Segment Start: Extracted entries

Lemma densities_closed n : closed (@densities n).
Proof.
have -> : @densities n =
  (\bigcap_(p in [set: 'I_n * 'I_n]) [set u | vec_mx u p.1 p.2 - vec_mx u p.2 p.1 = 0])
  `&` (\bigcap_(v in [set: 'cV[R]_n]) [set u | 0 <= qform (vec_mx u) v])
  `&` [set u | \tr (vec_mx u) = 1].
  apply: funext => u; apply: propext; split.
    move=> [[sA A_ge0] trA1]; split => //; split => [[i j] _|v _] /=.
      by rewrite -[in X in X - _]sA mxE subrr.
    exact: A_ge0.
  move=> [[symA A_ge0] trA1]; split => //; split => [|v]; last exact: A_ge0.
  by apply/matrixP => i j; apply/eqP; rewrite mxE -subr_eq0; apply/eqP/(symA (j, i)).
apply: closedI; first apply: closedI.
- apply: closed_bigI => -[i j] _; apply: closed_scalar_eq => a x y.
  by rewrite !linearP !mxE; ring.
- apply: closed_bigI => v _; apply: closed_scalar_ge0 => a x y.
  by rewrite /qform linearP /= mulmxDr mulmxDl -scalemxAr -scalemxAl !mxE.
- by apply: closed_scalar_eq => a x y; rewrite !linearP.
Qed.

Lemma densities_compact n : compact (@densities n).
Proof.
apply: bounded_closed_compact; last exact: densities_closed.
exists 1; split; first exact: num_real.
move=> b b1 u Ku; apply: le_trans (ltW b1).
rewrite /Num.norm /= mx_normrE; apply: bigmax_le => //= -[i k] _.
rewrite (ord1 i); case: (mxvec_indexP k) => j l.
by rewrite -[u]vec_mxK mxvecE; exact: density_entry_le1.
Qed.

Lemma densities_convex n (u w : 'rV[R]_(n * n)) t : 0 <= t <= 1 ->
  densities u -> densities w -> densities ((1 - t) *: u + t *: w).
Proof.
move=> /andP[t0 t1] [[su u_ge0] tru] [[sw w_ge0] trw].
rewrite /densities /= linearP linearZ /=; split; first split.
- by rewrite /symmetric_mx linearP linearZ /= su sw.
- move=> v; have := u_ge0 v; have := w_ge0 v.
  rewrite mulmxDr mulmxDl -!scalemxAr -!scalemxAl !mxE => vw vu.
  by rewrite addr_ge0 // mulr_ge0 //; lra.
- by rewrite linearP linearZ /= tru trw; ring.
Qed.

Lemma qform_rank1 n (x v : 'cV[R]_n) : qform (x *m x^T) v = ((x^T *m v) 0 0) ^+ 2.
Proof.
rewrite /qform mulmxA -(mulmxA (v^T *m x)) mxE big_ord1 expr2; congr (_ * _).
have -> : (v^T *m x) 0 0 = (v^T *m x)^T 0 0 by rewrite [RHS]mxE.
by rewrite trmx_mul trmxK.
Qed.

Lemma rank1_density n (x : 'cV[R]_n) : x != 0 ->
  densities (mxvec (((x^T *m x) 0 0)^-1 *: (x *m x^T))).
Proof.
move=> x0; have xx_gt0 := mulmx_trv_self_gt0 x0.
rewrite /densities /= mxvecK; split; first split.
- by rewrite /symmetric_mx linearZ /= trmx_mul trmxK.
- move=> v; rewrite -scalemxAr -scalemxAl mxE -/(qform _ _) qform_rank1.
  by rewrite mulr_ge0 ?sqr_ge0 // invr_ge0 ltW.
- by rewrite linearZ /= mxtrace_mulC trace_mx11 mulVf // gt_eqF.
Qed.

Lemma dotr_convex p (z y : 'rV[R]_p) t :
  dotr ((1 - t) *: z + t *: y) ((1 - t) *: z + t *: y) =
  dotr z z + (2 * t * (dotr y z - dotr z z) + t ^+ 2 * dotr (y - z) (y - z)).
Proof.
rewrite /dotr mulr_sumr -sumrB mulr_sumr -!big_split /=.
by apply: eq_bigr => j _; rewrite !mxE; ring.
Qed.

Lemma dotr_scalar p (z : 'rV[R]_p) : scalar (fun x : 'rV[R]_p => dotr x z).
Proof.
move=> a x y; rewrite /dotr mulr_sumr -big_split.
by apply: eq_bigr => j _; rewrite !mxE mulrDl mulrA.
Qed.

Lemma compact_convex_separation N p (C : 'M[R]_(N, p)) (K : set 'rV[R]_N) :
    K !=set0 -> compact K ->
    (forall u w t, 0 <= t <= 1 -> K u -> K w -> K ((1 - t) *: u + t *: w)) ->
    (forall u, K u -> u *m C != 0) ->
  exists z : 'rV[R]_p, forall u, K u -> 0 < dotr (u *m C) z.
Proof.
move=> K0 cK convK KC0; pose f u := dotr (u *m C) (u *m C).
have f_cont : continuous f.
  apply: continuous_big => //; first exact: add_continuous.
  move=> j _ u; have coord_j : continuous (fun v : 'rV[R]_N => (v *m C) 0 j).
    by apply: scalar_continuous => a v w; rewrite mulmxDl -scalemxAl !mxE.
  exact: (continuousM (coord_j u) (coord_j u)).
have [us /set_mem Kus us_min] := compact_EVT_min K0 cK (continuous_subspaceT f_cont).
set z := us *m C; exists z => u Ku; set y := u *m C.
suff : dotr z z <= dotr y z by apply: lt_le_trans; apply/dotr_gt0/KC0.
have ineq t : 0 <= t <= 1 ->
    0 <= 2 * t * (dotr y z - dotr z z) + t ^+ 2 * dotr (y - z) (y - z).
  move=> t01; have := us_min _ (mem_set (convK _ _ _ t01 Kus Ku)).
  by rewrite /f mulmxDl -!scalemxAl -/z -/y dotr_convex lerDl.
by rewrite -subr_ge0; apply: linear_coef_ge0 ineq; exact: dotr_ge0.
Qed.

Lemma scalar_mxtrace n (phi : 'M[R]_n -> R) : scalar phi ->
  exists P : 'M[R]_n, forall X, phi X = \tr (X *m P).
Proof.
move=> lin_phi; exists (\matrix_(i, j) phi (delta_mx j i)) => X.
rewrite /mxtrace; under [RHS]eq_bigr do rewrite mxE.
rewrite {1}[X]matrix_sum_delta !pair_big scalar_sum //=.
by apply: eq_bigr => -[i j] _; rewrite !mxE.
Qed.

Lemma mxtrace_mul_symmetrize n (F P : 'M[R]_n) : symmetric_mx F ->
  \tr (F *m (P + P^T)) = 2 * \tr (F *m P).
Proof.
move=> sF; rewrite mulmxDr linearD /= -[in X in _ + X]mxtrace_tr trmx_mul trmxK sF.
by rewrite mxtrace_mulC mulr2n mulrDl mul1r.
Qed.

Lemma non_dissipative_pd_annihilator n (M : 'M[R]_n -> Prop) :
    (forall F, M F -> symmetric_mx F) -> non_dissipative M ->
  exists P, pd_mx P /\ forall F, M F -> \tr (F *m P) = 0.
Proof.
case: n M => [|n] M symM ndM.
  exists 0; split; last by move=> F _; rewrite mulmx0 linear0.
  by split => [|v]; rewrite ?flatmx0 ?eqxx // /symmetric_mx trmx0.
have [k [V [MV spanV]]] := span_as_rowspace M; set C := cokermx V.
(* [u *m C = 0] iff [u] is in the row space of [V], i.e. [vec_mx u] is in span M *)
have KC0 u : densities u -> u *m C != 0.
  move=> Ku; apply/eqP => uC0.
  have u0 : vec_mx u = 0 by apply: ndM Ku.1; apply: spanV; rewrite submxE uC0.
  by move: Ku.2; rewrite u0 linear0 => /eqP; rewrite eq_sym oner_eq0.
have K0 : @densities n.+1 !=set0.
  eexists; apply: (@rank1_density _ (delta_mx 0 0)).
  by apply/negP => /eqP/matrixP/(_ 0 0)/eqP; rewrite !mxE /= oner_eq0.
have [z z_pos] :=
  compact_convex_separation K0 (@densities_compact n.+1) (@densities_convex n.+1) KC0.
pose phi X := dotr (mxvec X *m C) z.
have [P0 phiE] : exists P0, forall X, phi X = \tr (X *m P0).
  apply: scalar_mxtrace => a X Y.
  by rewrite /phi linearP /= mulmxDl -scalemxAl dotr_scalar.
exists (P0 + P0^T); split; first split.
- by rewrite /symmetric_mx linearD /= trmxK addrC.
- move=> v v0; have := z_pos _ (rank1_density v0); rewrite -/(phi _) phiE.
  rewrite -scalemxAl linearZ /= pmulr_rgt0 ?invr_gt0 ?mulmx_trv_self_gt0 // => vP0.
  rewrite -/(qform _ _) qform_mxtrace mxtrace_mul_symmetrize ?mulr_gt0 //.
  by rewrite /symmetric_mx trmx_mul trmxK.
move=> F MF; rewrite mxtrace_mul_symmetrize; last exact: symM.
rewrite -phiE /phi.
have /eqP -> : mxvec F *m C == 0 by rewrite -submxE MV.
by rewrite /dotr big1 ?mulr0 // => j _; rewrite mxE mul0r.
Qed.
(* Let $F$ be a Ferrers diagram and let $c\in\mathsf{Rec}^{\mathsf{min}}(G(F))$. Define the $0/1$-filling $T=\phi_{CT}(c)$ of $F$ by setting, for each cell in row $i\in\mathsf{rows}(F)$ and column $j\in\mathsf{cols}(F)$, $T_{ij}=0$ if $i$ topples after $j$ in $\mathsf{CanonTop}(c)$ and $T_{ij}=1$ if $i$ topples before $j$ in $\mathsf{CanonTop}(c)$. Then $\phi_{CT}$ is the inverse of the bijection $\phi_{TC}:\mathsf{EWtab}(F)\to\mathsf{Rec}^{\mathsf{min}}(G(F))$; in particular $T\in\mathsf{EWtab}(F)$ and $\phi_{TC}(T)=c$.
   Context: Ferrers diagrams and graphs: a Ferrers diagram $F$ (English convention) of semiperimeter $n+1$ has rows and columns labeled by $0,\ldots,n$: the $n+1$ unit steps of its south-east boundary path, traversed from top-right to bottom-left, are labeled $0,\ldots,n$; a vertical step labels the row it bounds, a horizontal step the column it bounds (top row labeled $0$). $\mathsf{rows}(F)$, $\mathsf{cols}(F)$ are the label sets; $F$ has a cell in row $i$, column $j$ iff $i<j$. $G(F)$ has vertex set $\{0,\ldots,n\}$ with edges $\{i,j\}$, $i\in\mathsf{rows}(F)$, $j\in\mathsf{cols}(F)$, $i<j$. Sandpile model with sink $0$: configurations $c\in\mathbb{N}^n$; non-sink $v$ unstable if $c_v\ge\deg(v)$; toppling sends one grain to each neighbour (grains to $0$ disappear); toppling the sink adds a grain to each neighbour of $0$. Recurrent: stable configurations obtainable from $c_v=\deg(v)-1$ by adding grains and stabilizing. $\mathsf{Rec}^{\mathsf{min}}(G)$: recurrent configurations of minimal total number of grains. Canonical toppling of a recurrent $c$: topple the sink ($U^{(0)}_c=\{0\}$), then alternately topple simultaneously all unstable vertices in $\mathsf{cols}(F)$ ($V^{(1)}_c$), all unstable in $\mathsf{rows}(F)$ ($U^{(1)}_c$), etc.; $\mathsf{CanonTop}(c)=(U^{(0)}_c,V^{(1)}_c,U^{(1)}_c,\ldots)$ is an ordered partition of $\{0,\ldots,n\}$, each vertex toppling exactly once; ''$a$ topples before $b$'' means the block of $a$ precedes the block of $b$. EW-tableaux: a $0/1$-filling $T$ of $F$ ($T_{ij}$ = entry in row $i$, column $j$) such that (1) the top row consists of 1s, (2) every other row contains at least one 0, (3) no four cells at the corners of a rectangle have 0s in two diagonally opposite corners and 1s in the other two. $\mathsf{EWtab}(F)$ is their set. The map $\phi_{TC}$ sends $T$ to the configuration $c$ with $c_i$ = number of 1s in row $i$ if $i\in\mathsf{rows}(F)$, and $c_i$ = number of 0s in column $i$ if $i\in\mathsf{cols}(F)$, $i\ne 0$; it is known to be a bijection $\mathsf{EWtab}(F)\to\mathsf{Rec}^{\mathsf{min}}(G(F))$. *)

From Stdlib Require Import Relations.
From mathcomp Require Import all_boot.
From mathcomp Require Import boolp.
Set Implicit Arguments.
Unset Strict Implicit.
Unset Printing Implicit Defensive.

(* A Ferrers diagram of semiperimeter n+1 is encoded by the set R of labels
   of its rows, a subset of {0,...,n} = 'I_n.+1 ; the columns are the other
   labels.  The boundary path starts (top-right) with a vertical step and
   ends (bottom-left) with a horizontal step, i.e. 0 is a row label and n a
   column label. *)
Definition ferrers (n : nat) (R : {set 'I_n.+1}) : bool :=
  (ord0 \in R) && (ord_max \notin R).

Definition cell n (R : {set 'I_n.+1}) (i j : 'I_n.+1) : bool :=
  [&& i \in R, j \notin R & i < j].

Definition adj n (R : {set 'I_n.+1}) (u v : 'I_n.+1) : bool :=
  cell R u v || cell R v u.

Definition deg n (R : {set 'I_n.+1}) (v : 'I_n.+1) : nat :=
  #|[set u | adj R v u]|.

(* Sandpile configurations: values on the non-sink vertices; the value at
   the sink 0 is kept equal to 0 by all the operations below. *)
Definition config n := {ffun 'I_n.+1 -> nat}.

Definition stable n (R : {set 'I_n.+1}) (c : config n) : Prop :=
  forall v, v != ord0 -> c v < deg R v.

Definition add_grain n (c : config n) (v : 'I_n.+1) : config n :=
  [ffun u => c u + (u == v)].

Definition topple n (R : {set 'I_n.+1}) (c : config n) (v : 'I_n.+1) : config n :=
  [ffun u => if u == ord0 then c u
             else if u == v then c u - deg R v else c u + adj R v u].

Definition topple_set n (R : {set 'I_n.+1}) (c : config n) (S : {set 'I_n.+1})
  : config n :=
  [ffun u => if u == ord0 then c u
             else (c u + #|[set w in S | adj R w u]|)
                  - (if u \in S then deg R u else 0)].

Definition topple_sink n (R : {set 'I_n.+1}) (c : config n) : config n :=
  [ffun u => if u == ord0 then c u else c u + adj R ord0 u].

Definition sp_step n (R : {set 'I_n.+1}) (c c' : config n) : Prop :=
  (exists2 v, v != ord0 & c' = add_grain c v) \/
  (exists v, [/\ v != ord0, deg R v <= c v & c' = topple R c v]).

Definition cmax n (R : {set 'I_n.+1}) : config n :=
  [ffun v => if v == ord0 then 0 else (deg R v).-1].

Definition recurrent n (R : {set 'I_n.+1}) (c : config n) : Prop :=
  stable R c /\ clos_refl_trans _ (@sp_step n R) (cmax R) c.

Definition grains n (c : config n) : nat := \sum_v c v.

Definition rec_min n (R : {set 'I_n.+1}) (c : config n) : Prop :=
  recurrent R c /\ forall c', recurrent R c' -> grains c <= grains c'.

(* Canonical toppling.  canon_cfg c k is the configuration after block k;
   canon_block c k is the k-th block: block 0 = {sink}, odd blocks are the
   unstable (non-sink) columns, even blocks >= 2 the unstable (non-sink) rows. *)
Definition unstable_in n (R : {set 'I_n.+1}) (c : config n) (col : bool)
  : {set 'I_n.+1} :=
  [set v | [&& v != ord0, (v \notin R) == col & deg R v <= c v]].

Fixpoint canon_cfg n (R : {set 'I_n.+1}) (c : config n) (k : nat) : config n :=
  match k with
  | 0 => topple_sink R c
  | k'.+1 => let d := canon_cfg R c k' in
             topple_set R d (unstable_in R d (odd k))
  end.

Definition canon_block n (R : {set 'I_n.+1}) (c : config n) (k : nat)
  : {set 'I_n.+1} :=
  match k with
  | 0 => [set ord0]
  | k'.+1 => unstable_in R (canon_cfg R c k') (odd k)
  end.

Definition topples_before n (R : {set 'I_n.+1}) (c : config n) (a b : 'I_n.+1)
  : Prop :=
  exists k, a \in canon_block R c k /\ forall k', k' <= k -> b \notin canon_block R c k'.

(* 0/1-fillings of F: only the values on cells of F are meaningful. *)
Definition filling n := 'I_n.+1 -> 'I_n.+1 -> bool.

Definition EWtab n (R : {set 'I_n.+1}) (T : filling n) : Prop :=
  [/\ (forall j, cell R ord0 j -> T ord0 j),
      (forall i, i \in R -> i != ord0 -> exists2 j, cell R i j & ~~ T i j) &
      (forall i1 i2 j1 j2 : 'I_n.+1, i1 < i2 -> j1 < j2 ->
         cell R i1 j1 -> cell R i1 j2 -> cell R i2 j1 -> cell R i2 j2 ->
         ~ ([&& ~~ T i1 j1, ~~ T i2 j2, T i1 j2 & T i2 j1] ||
            [&& ~~ T i1 j2, ~~ T i2 j1, T i1 j1 & T i2 j2]))].

Definition phi_TC n (R : {set 'I_n.+1}) (T : filling n) : config n :=
  [ffun v => if v == ord0 then 0
             else if v \in R then #|[set j | cell R v j && T v j]|
             else #|[set i | cell R i v && ~~ T i v]|].

Definition phi_CT n (R : {set 'I_n.+1}) (c : config n) : filling n :=
  fun i j => `[< topples_before R c i j >].

From Stdlib Require Import Relations.
From mathcomp Require Import all_boot.
From mathcomp Require Import boolp.
From mathcomp Require Import zify.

Segment End: Extracted entries

*Exercise instructions*
Write out exactly the lines from the beginning of the material above through the line with "Lemma rank1_density n", including both and omitting all others.

*Answer to this problem*
Lemma densities_closed n : closed (@densities n).
Proof.
have -> : @densities n =
  (\bigcap_(p in [set: 'I_n * 'I_n]) [set u | vec_mx u p.1 p.2 - vec_mx u p.2 p.1 = 0])
  `&` (\bigcap_(v in [set: 'cV[R]_n]) [set u | 0 <= qform (vec_mx u) v])
  `&` [set u | \tr (vec_mx u) = 1].
  apply: funext => u; apply: propext; split.
    move=> [[sA A_ge0] trA1]; split => //; split => [[i j] _|v _] /=.
      by rewrite -[in X in X - _]sA mxE subrr.
    exact: A_ge0.
  move=> [[symA A_ge0] trA1]; split => //; split => [|v]; last exact: A_ge0.
  by apply/matrixP => i j; apply/eqP; rewrite mxE -subr_eq0; apply/eqP/(symA (j, i)).
apply: closedI; first apply: closedI.
- apply: closed_bigI => -[i j] _; apply: closed_scalar_eq => a x y.
  by rewrite !linearP !mxE; ring.
- apply: closed_bigI => v _; apply: closed_scalar_ge0 => a x y.
  by rewrite /qform linearP /= mulmxDr mulmxDl -scalemxAr -scalemxAl !mxE.
- by apply: closed_scalar_eq => a x y; rewrite !linearP.
Qed.

Lemma densities_compact n : compact (@densities n).
Proof.
apply: bounded_closed_compact; last exact: densities_closed.
exists 1; split; first exact: num_real.
move=> b b1 u Ku; apply: le_trans (ltW b1).
rewrite /Num.norm /= mx_normrE; apply: bigmax_le => //= -[i k] _.
rewrite (ord1 i); case: (mxvec_indexP k) => j l.
by rewrite -[u]vec_mxK mxvecE; exact: density_entry_le1.
Qed.

Lemma densities_convex n (u w : 'rV[R]_(n * n)) t : 0 <= t <= 1 ->
  densities u -> densities w -> densities ((1 - t) *: u + t *: w).
Proof.
move=> /andP[t0 t1] [[su u_ge0] tru] [[sw w_ge0] trw].
rewrite /densities /= linearP linearZ /=; split; first split.
- by rewrite /symmetric_mx linearP linearZ /= su sw.
- move=> v; have := u_ge0 v; have := w_ge0 v.
  rewrite mulmxDr mulmxDl -!scalemxAr -!scalemxAl !mxE => vw vu.
  by rewrite addr_ge0 // mulr_ge0 //; lra.
- by rewrite linearP linearZ /= tru trw; ring.
Qed.

Lemma qform_rank1 n (x v : 'cV[R]_n) : qform (x *m x^T) v = ((x^T *m v) 0 0) ^+ 2.
Proof.
rewrite /qform mulmxA -(mulmxA (v^T *m x)) mxE big_ord1 expr2; congr (_ * _).
have -> : (v^T *m x) 0 0 = (v^T *m x)^T 0 0 by rewrite [RHS]mxE.
by rewrite trmx_mul trmxK.
Qed.

Lemma rank1_density n (x : 'cV[R]_n) : x != 0 ->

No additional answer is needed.